また、PCBが付着したものなど健康や地球環境に悪影響を及ぼす廃棄物は業種を問わず特別管理産業廃棄物です。

このように、同じ廃棄物でも経済活動の有無や業種、廃棄物の状態によって取り扱い方法が変わります。

例えば住居兼飲食店の場合、生活によって排出した廃棄物は一般廃棄物ですが、飲食店部分から排出した廃棄物は事業系一般廃棄物や産業廃棄物に分けて扱わなくてはなりません。

他にも、動物のふん尿は畜産農業から排出された場合は産業廃棄物として処分されますが、ペットショップや動物病院から排出された場合は事業系一般廃棄物に分類され、家庭のペットのふん尿は家庭ごみとして一般廃棄物に分類されるなど、同じ廃棄物でも扱いが変わります。
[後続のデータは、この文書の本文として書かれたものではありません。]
Lemma innerZl (a : R[i]) (x z : H) : inner (a *: x) z = a * inner x z.
Proof. by have := inner_linear_l a x 0 z; rewrite addr0 inner0l addr0. Qed.

Lemma innerZr_real (r : R) (x y : H) : inner x (r%:C *: y) = r%:C * inner x y.
Proof.
rewrite inner_conj_sym innerZl [in RHS]inner_conj_sym; case: (inner _ _) => p q.
by apply/eqP; rewrite eq_complex /=; apply/andP; split; apply/eqP; ring.
Qed.

Lemma inner_self_gt0 (x : H) : x != 0 -> exists2 p : R, 0 < p & inner x x = p%:C.
Proof.
move=> x_neq0; have := inner_ge0 x.
have : inner x x != 0 by apply: contra x_neq0 => /eqP /inner_eq0 ->.
case: (inner x x) => p q; rewrite lecE /= => xx_neq0 /andP[/eqP q0 p_ge0].
exists p; last by rewrite q0.
by rewrite lt_def p_ge0 andbT; apply: contra xx_neq0 => /eqP p0; rewrite p0 q0.
Qed.

Lemma normalize_vector {x : H} : x != 0 ->
  exists r : R, inner (r%:C *: x) (r%:C *: x) = 1.
Proof.
move=> /inner_self_gt0 [p p_gt0 xx_p]; exists (Num.sqrt p)^-1.
rewrite innerZl innerZr_real xx_p mulrA -!rmorphM -expr2 exprVn sqr_sqrtr ?ltW //.
by rewrite mulVf ?gt_eqF.
Qed.

Lemma self_conjugate_real (v : R[i]) : v = v^* -> exists r : R, v = r%:C.
Proof. by case: v => p q [q_opp]; exists p; congr (_ +i* _); lra. Qed.

Lemma numrange_neq0 (D : set H) (T : H -> H) :
  (exists2 x, D x & x != 0) -> (forall (a : R[i]) x, D x -> D (a *: x)) ->
  (forall x y, D x -> D y -> inner (T x) y = inner x (T y)) ->
  numrange D T !=set0.
Proof.
move=> [x Dx x_neq0] D_scale T_sym.
have [r unit_x] := normalize_vector x_neq0.
set u := r%:C *: x in unit_x *; have Du : D u := D_scale _ _ Dx.
have [t Tu_t] : exists t : R, inner (T u) u = t%:C.
  by apply: self_conjugate_real; rewrite {1}T_sym // -inner_conj_sym.
by exists t, u.
Qed.

Lemma hnorm_gt0 (x : H) : x != 0 -> 0 < hnorm x.
Proof. by move=> /inner_self_gt0 [p p_gt0 xx_p]; rewrite /hnorm xx_p sqrtr_gt0. Qed.

Lemma selfadjoint_numrange_neq0 {D : set H} {A : H -> H} :
  selfadjoint D A -> (exists x : H, x != 0) -> numrange D A !=set0.
Proof.
move=> [D0 D_lin _ D_dense A_adj] [x /hnorm_gt0 x_gt0].
apply: numrange_neq0.
- have [y [Dy xy_close]] := D_dense x _ x_gt0.
  by exists y => //; apply: contraTneq xy_close => ->; rewrite subr0 ltxx.
- by move=> a y Dy; rewrite -[a *: y]addr0; apply: D_lin.
- by move=> u v Du Dv; have [_ /(_ (conj Dv erefl)) /(_ u Du)] := A_adj v (A v).
Qed.

Lemma bounded_selfadjoint_numrange_neq0 {B : H -> H} :
  bounded_selfadjoint B -> (exists x : H, x != 0) -> numrange [set: H] B !=set0.
Proof. by move=> [_ _ B_sym] [x x_neq0]; apply: numrange_neq0 => //; exists x. Qed.

Lemma bounded_selfadjoint_neq0 {B : H -> H} {x : H} :
  bounded_selfadjoint B -> B x != 0 -> x != 0.
Proof.
move=> [B_lin _ _]; apply: contra => /eqP ->.
have := B_lin 1 0 0; rewrite scaler0 addr0 scale1r -{1}[B 0]addr0.
by move=> /addrI <-.
Qed.

End NumericalRange.

Theorem proposition2p2 (R : realType) (H : hilbert R)
  (D : set H) (A : H -> H) (B : H -> H) (c d : R) :
  selfadjoint D A -> bounded_selfadjoint B -> (exists x : H, B x != 0) ->
  0 <= c -> 0 < d ->
  let WA := numrange D A in
  let WB := numrange [set: H] B in
  let W := WOmega c d WA WB in
  [/\ (forall w : R[i], W (Some w) <-> W (Some (- w^*))),
      (W (Some 0) <-> closure (EFin @` WA) 0%:E \/ c = 0),
      (W (Some (delta_plus c d)) <->
         [\/ unbounded_set WA, closure WB 0 | c = 0]),
      (W (Some (delta_minus c d)) <-> unbounded_set WA \/ closure WB 0) &
      (W None <-> unbounded_set WA)].
Proof.
move=> A_sa B_sa [x Bx_neq0] c_ge0 d_gt0 WA WB W.
have H_neq0 : exists x : H, x != 0.
  by exists x; exact: bounded_selfadjoint_neq0 B_sa Bx_neq0.
have WA_neq0 : WA !=set0 := selfadjoint_numrange_neq0 A_sa H_neq0.
have WB_neq0 : WB !=set0 := bounded_selfadjoint_numrange_neq0 B_sa H_neq0.
split.
- exact: WOmega_sym.
- exact: WOmega_zero.
- exact: WOmega_delta_plus.
- exact: WOmega_delta_minus.
- exact: WOmega_infty.
Qed.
このように、廃棄物は「どんな廃棄物か」に加えて「誰が出した廃棄物か」「どのような状態のものか」も重要とされ、それらによって扱いが大きく変わるのです。

今回は、具体例を交えて産業廃棄物と事業系一般廃棄物の違いを解説しましたが、産業廃棄物と一般廃棄物は各都道府県により取扱品目が異なる場合があります。

廃棄物を処理する際には、必ず各都道府県の廃棄物に関する規則を確認し、適切に行いましょう。